Dataset excerpts:
Definition gap_mx k : 'M[R]_2 :=
  (A * B) ^+ (k + 3) - A * B * B * (A * B) ^+ k * (A * B * B).

Lemma phiR_gap w k :
  phiR (w ++ w_abk (k + 3)) - phiR (w ++ w_ab2 ++ w_abk k ++ w_ab2) = phiR w * gap_mx k.
Proof. by rewrite !phiR_cat !phiR_abk phiR_ab2 mulrBr -!mulrA. Qed.

Lemma mxtrace_phiR_gap w k :
  \tr (phiR w * gap_mx k) =
  \tr (phiR (w ++ w_abk (k + 3))) - \tr (phiR (w ++ w_ab2 ++ w_abk k ++ w_ab2)).
Proof. by rewrite -phiR_gap raddfB. Qed.

Lemma phiR_b_gap_ab k :
  phiR (lb :: w_abk (k + 4)) - phiR (lb :: w_ab2 ++ w_abk k ++ w_ab2 ++ w_ab) =
  B * gap_mx k * (A * B).
Proof.
rewrite !phiR_cons_b !phiR_cat !phiR_abk phiR_ab2 phiR_ab.
by rewrite mulrBr mulrBl -!mulrA -exprSr addnS.
Qed.

Lemma gap_mx_rec k :
  \det (A * B) = 1 -> gap_mx k.+2 = \tr (A * B) *: gap_mx k.+1 - gap_mx k.
Proof.
set P := A * B; move=> dP.
have powP n : P ^+ n.+2 = \tr P *: P ^+ n.+1 - P ^+ n.
  by rewrite exprSr [P ^+ n.+1]exprSr -mulrA mx22_CayleyHamilton dP
    mulrBr -scalerAr -exprSr -mulmxE mulmx1.
rewrite /gap_mx !addSn !powP; set Q := A * B * B.
rewrite mulrBr mulrBl -!scalerAr -!scalerAl.
move: (\tr P) (P ^+ _) (P ^+ (k + 3)) (Q * _ * Q) (Q * P ^+ k * Q) => c p q r s.
by rewrite scalerBr !opprB addrACA [RHS]addrACA [- q + _]addrC.
Qed.

Lemma mxtrace_gap_rec L M k : \det (A * B) = 1 ->
  \tr (L * gap_mx k.+2 * M) =
  \tr (A * B) * \tr (L * gap_mx k.+1 * M) - \tr (L * gap_mx k * M).
Proof.
move=> dP; rewrite gap_mx_rec // mulrBr mulrBl -scalerAr -scalerAl.
by rewrite raddfB /= mxtraceZ.
Qed.

End WordMatrices.

Section TraceCoordinates.
Variable R : comNzRingType.
Local Notation coord := (R * R * R * R)%type.
Implicit Types (A B : 'M[R]_2) (c d : coord).

(* Every word matrix lies in the span of [1], [A], [B], [AB]: by Cayley-Hamilton
   for [A], [B] and [AB], left multiplication by [A] or [B] acts on coordinates
   through [coordA] and [coordB]. *)
Definition lcomb A B c : 'M[R]_2 :=
  let: (c0, c1, c2, c3) := c in c0%:M + c1 *: A + c2 *: B + c3 *: (A * B).

Definition coordA (x dA : R) c : coord :=
  let: (c0, c1, c2, c3) := c in (- (c1 * dA), c0 + c1 * x, - (c3 * dA), c2 + c3 * x).

Definition coordB (x y z dB : R) c : coord :=
  let: (c0, c1, c2, c3) := c in
  (c1 * (z - x * y) - c2 * dB - c3 * x * dB, c1 * y + c3 * dB,
   c0 + c1 * x + c2 * y + c3 * z, - c1).

Fixpoint word_coord (x y z dA dB : R) (w : word) : coord :=
  match w with
  | [::] => (1, 0, 0, 0)
  | l :: w' => (if l then coordA x dA else coordB x y z dB) (word_coord x y z dA dB w')
  end.

Definition coord_trace (x y z : R) c : R :=
  let: (c0, c1, c2, c3) := c in c0 * 2 + c1 * x + c2 * y + c3 * z.

Lemma mul_lcombA A B c : A * lcomb A B c = lcomb A B (coordA (\tr A) (\det A) c).
Proof. case: c => [[[c0 c1] c2] c3]; rewrite /= mxtrace22 det22; mx22_ring. Qed.

Lemma mul_lcombB A B c :
  B * lcomb A B c = lcomb A B (coordB (\tr A) (\tr B) (\tr (A * B)) (\det B) c).
Proof. case: c => [[[c0 c1] c2] c3]; rewrite /= !mxtrace22 det22; mx22_ring. Qed.

Lemma phiR_lcomb A B w :
  phiR A B w = lcomb A B (word_coord (\tr A) (\tr B) (\tr (A * B)) (\det A) (\det B) w).
Proof.
elim: w => [|[] w IH] /=; last 2 first.
- by rewrite IH mul_lcombA.
- by rewrite IH mul_lcombB.
by mx22_ring.
Qed.

Lemma mxtrace_lcomb A B c : \tr (lcomb A B c) = coord_trace (\tr A) (\tr B) (\tr (A * B)) c.
Proof. case: c => [[[c0 c1] c2] c3]; rewrite /= !mxtrace22; mx22_entries; ring. Qed.

Lemma mxtrace_phiR A B w :
  \tr (phiR A B w) = coord_trace (\tr A) (\tr B) (\tr (A * B))
                       (word_coord (\tr A) (\tr B) (\tr (A * B)) (\det A) (\det B) w).
Proof. by rewrite phiR_lcomb mxtrace_lcomb. Qed.

Lemma mxtrace_phiR_eq A B A' B' w :
  \det A = \det A' -> \det B = \det B' ->
  \tr A = \tr A' -> \tr B = \tr B' -> \tr (A * B) = \tr (A' * B') ->
  \tr (phiR A B w) = \tr (phiR A' B' w).
Proof. by move=> dA dB tA tB tAB; rewrite !mxtrace_phiR dA dB tA tB tAB. Qed.

Definition coord_add c d : coord :=
  let: (c0, c1, c2, c3) := c in let: (d0, d1, d2, d3) := d in
  (c0 + d0, c1 + d1, c2 + d2, c3 + d3).
Definition coord_sub c d : coord :=
  let: (c0, c1, c2, c3) := c in let: (d0, d1, d2, d3) := d in
  (c0 - d0, c1 - d1, c2 - d2, c3 - d3).
Definition coord_scale (a : R) c : coord :=
  let: (c0, c1, c2, c3) := c in (a * c0, a * c1, a * c2, a * c3).

Lemma lcombD A B c d : lcomb A B (coord_add c d) = lcomb A B c + lcomb A B d.
Proof. case: c d => [[[c0 c1] c2] c3] [[[d0 d1] d2] d3]; mx22_ring. Qed.

Lemma lcombB A B c d : lcomb A B (coord_sub c d) = lcomb A B c - lcomb A B d.
Proof. case: c d => [[[c0 c1] c2] c3] [[[d0 d1] d2] d3]; mx22_ring. Qed.

Lemma lcombZ A B a c : lcomb A B (coord_scale a c) = a *: lcomb A B c.
Proof. case: c => [[[c0 c1] c2] c3]; mx22_ring. Qed.

End TraceCoordinates.

(* [[(ab)^3] - [(ab^2)^2] - 2] in trace coordinates, see [mxtrace_gap0]. *)
Definition ab3_excess (R : comNzRingType) (x y z : R) : R :=
  z ^+ 3 - 3 * z - (y * z - x) ^+ 2.

Section TraceIdentities.
Variables (R : comNzRingType) (A B : 'M[R]_2) (x y z : R).
Hypotheses (dA : \det A = 1) (dB : \det B = 1).
Hypotheses (trA : \tr A = x) (trB : \tr B = y) (trAB : \tr (A * B) = z).
Local Notation g := (ab3_excess x y z).

Ltac trace_poly :=
  rewrite ?mxtrace_phiR_gap !mxtrace_phiR dA dB trA trB trAB /= /ab3_excess; ring.

Lemma mxtrace_gap0 : \tr (gap_mx A B 0) = g + 2.
Proof. by rewrite -[gap_mx A B 0]mul1r -[1]/(phiR A B [::]); trace_poly. Qed.

Lemma mxtrace_gap1 :
  z * (\tr (gap_mx A B 1) - \tr (gap_mx A B 0)) =
  (z ^+ 2 - z - 1) * g + z ^+ 2 - 3 * z + x * y * z - x ^+ 2.
Proof.
by rewrite -[gap_mx A B 1]mul1r -[gap_mx A B 0]mul1r -[1]/(phiR A B [::]); trace_poly.
Qed.

Lemma mxtrace_ab_gap0 :
  z * \tr (A * B * gap_mx A B 0) = (z ^+ 2 - 1) * g + z ^+ 2 - z + x * y * z - x ^+ 2.
Proof. by rewrite -(@phiR_ab _ A B); trace_poly. Qed.

Lemma mxtrace_ab_gap1 :
  z ^+ 2 * (\tr (A * B * gap_mx A B 1) - \tr (A * B * gap_mx A B 0)) =
  (z ^+ 4 - z ^+ 3 - 2 * z ^+ 2 + z + 1) * g
  + (3 * z + 3 * z ^+ 2 - 3 * z ^+ 3 - 2 * x * y * z - x * y * z ^+ 2
     + 2 * x * y * z ^+ 3 + x ^+ 2 + x ^+ 2 * z - 2 * x ^+ 2 * z ^+ 2).
Proof. by rewrite -(@phiR_ab _ A B); trace_poly. Qed.

Lemma lcomb_AB_sub_x : A + B - x%:M = lcomb A B (- x, 1, 1, 0).
Proof. mx22_ring. Qed.

Lemma lcomb_scalar (t : R) : t%:M = lcomb A B (t, 0, 0, 0).
Proof. mx22_ring. Qed.

Lemma phiR_bab : phiR A B [:: lb; la; lb] = B * A * B.
Proof. by rewrite /= mulr1 mulrA. Qed.

Ltac coord_ring :=
  rewrite -!phiR_b_gap_ab -phiR_bab lcomb_AB_sub_x lcomb_scalar !phiR_lcomb
          dA dB trA trB trAB -!lcombB -!lcombZ -!lcombD;
  apply: congr1; rewrite /= /ab3_excess; congr (_, _, _, _); ring.

Lemma b_gap0_ab :
  B * gap_mx A B 0 * (A * B) =
  g *: (B * A * B) + (z + 1) *: (A + B - x%:M) + (y * z - x)%:M.
Proof. by coord_ring. Qed.
Definition tconnected n (S : set (tup n)) : Prop :=
  forall A B : set (tup n), topen A -> topen B ->
    S `<=` A `|` B -> S `&` A `&` B = set0 ->
    S `&` A = set0 \/ S `&` B = set0.

Definition tcompact n (K : set (tup n)) : Prop :=
  forall (I : Type) (O : I -> set (tup n)), (forall i, topen (O i)) ->
    K `<=` \bigcup_i O i ->
    exists s : seq I, K `<=` \bigcup_(i in [set i | List.In i s]) O i.

Definition tholo n m (S : set (tup n)) (F : tup n -> tup m) : Prop :=
  forall X, S X -> exists L : tup n -> tup m,
    (forall (a : R[i]) (H K : tup n),
        L (tadd (tscale a H) K) = tadd (tscale a (L H)) (L K)) /\
    (forall e : R[i], 0 < e -> exists2 d : R[i], 0 < d &
       forall H : tup n, tnorm H < d ->
         tnorm (tadd (F (tadd X H)) (topp (tadd (F X) (L H)))) <= e * tnorm H).

Definition tproper n m (S : set (tup n)) (T : set (tup m)) (F : tup n -> tup m)
  : Prop :=
  forall K, K `<=` T -> tcompact K -> tcompact (S `&` (F @^-1` K)).

Definition tmulr n m (X : tup n) (G : 'M[R[i]]_(n, m)) : 'I_g -> 'M[R[i]]_(n, m) :=
  fun k => X k *m G.
Definition tmull n m (G : 'M[R[i]]_(n, m)) (Y : tup m) : 'I_g -> 'M[R[i]]_(n, m) :=
  fun k => G *m Y k.
Definition adjmx n m (A : 'M[R[i]]_(n, m)) : 'M[R[i]]_(m, n) :=
  (map_mx Num.conj A)^T.
Definition unitary n (U : 'M[R[i]]_n) : Prop := U *m adjmx U = 1%:M.
Definition tconj n (U : 'M[R[i]]_n) (X : tup n) : tup n :=
  fun k => adjmx U *m X k *m U.
Definition tdsum n m (X : tup n) (Y : tup m) : tup (n + m) :=
  fun k => block_mx (X k) 0 0 (Y k).

Definition ncset (U : forall n, set (tup n)) : Prop :=
  (forall n (X : tup n) (V : 'M[R[i]]_n), U n X -> unitary V -> U n (tconj V X))
  /\ (forall n m (X : tup n) (Y : tup m), U n X -> U m Y -> U (n + m) (tdsum X Y)).

Definition ncdomain (U : forall n, set (tup n)) : Prop :=
  ncset U /\ forall n, topen (U n) /\ tconnected (U n).

Definition free_map (U V : forall n, set (tup n)) (f : forall n, tup n -> tup n)
  : Prop :=
  (forall n X, U n X -> V n (f n X)) /\
  (forall n m (X : tup n) (Y : tup m) (G : 'M[R[i]]_(n, m)),
     U n X -> U m Y -> tmulr X G = tmull G Y ->
     tmulr (f n X) G = tmull G (f m Y)).

Definition analytic_free_map U V f : Prop :=
  free_map U V f /\ forall n, tholo (U n) (f n).

Definition proper_analytic_free_map U V f : Prop :=
  analytic_free_map U V f /\ forall n, tproper (U n) (V n) (f n).

Definition bianalytic_with_inverse n (U V : set (tup n)) (F H : tup n -> tup n)
  : Prop :=
  [/\ (forall X, U X -> V (F X)), (forall Y, V Y -> U (H Y)),
      (forall X, U X -> H (F X) = X), (forall Y, V Y -> F (H Y) = Y) &
      (tholo U F /\ tholo V H)].

End NC.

Brief: Every line above that includes the string "mulrBl" needs to be copied.

Answer section:
by rewrite mulrBr mulrBl -!mulrA -exprSr addnS.
rewrite mulrBr mulrBl -!scalerAr -!scalerAl.
move=> dP; rewrite gap_mx_rec // mulrBr mulrBl -scalerAr -scalerAl.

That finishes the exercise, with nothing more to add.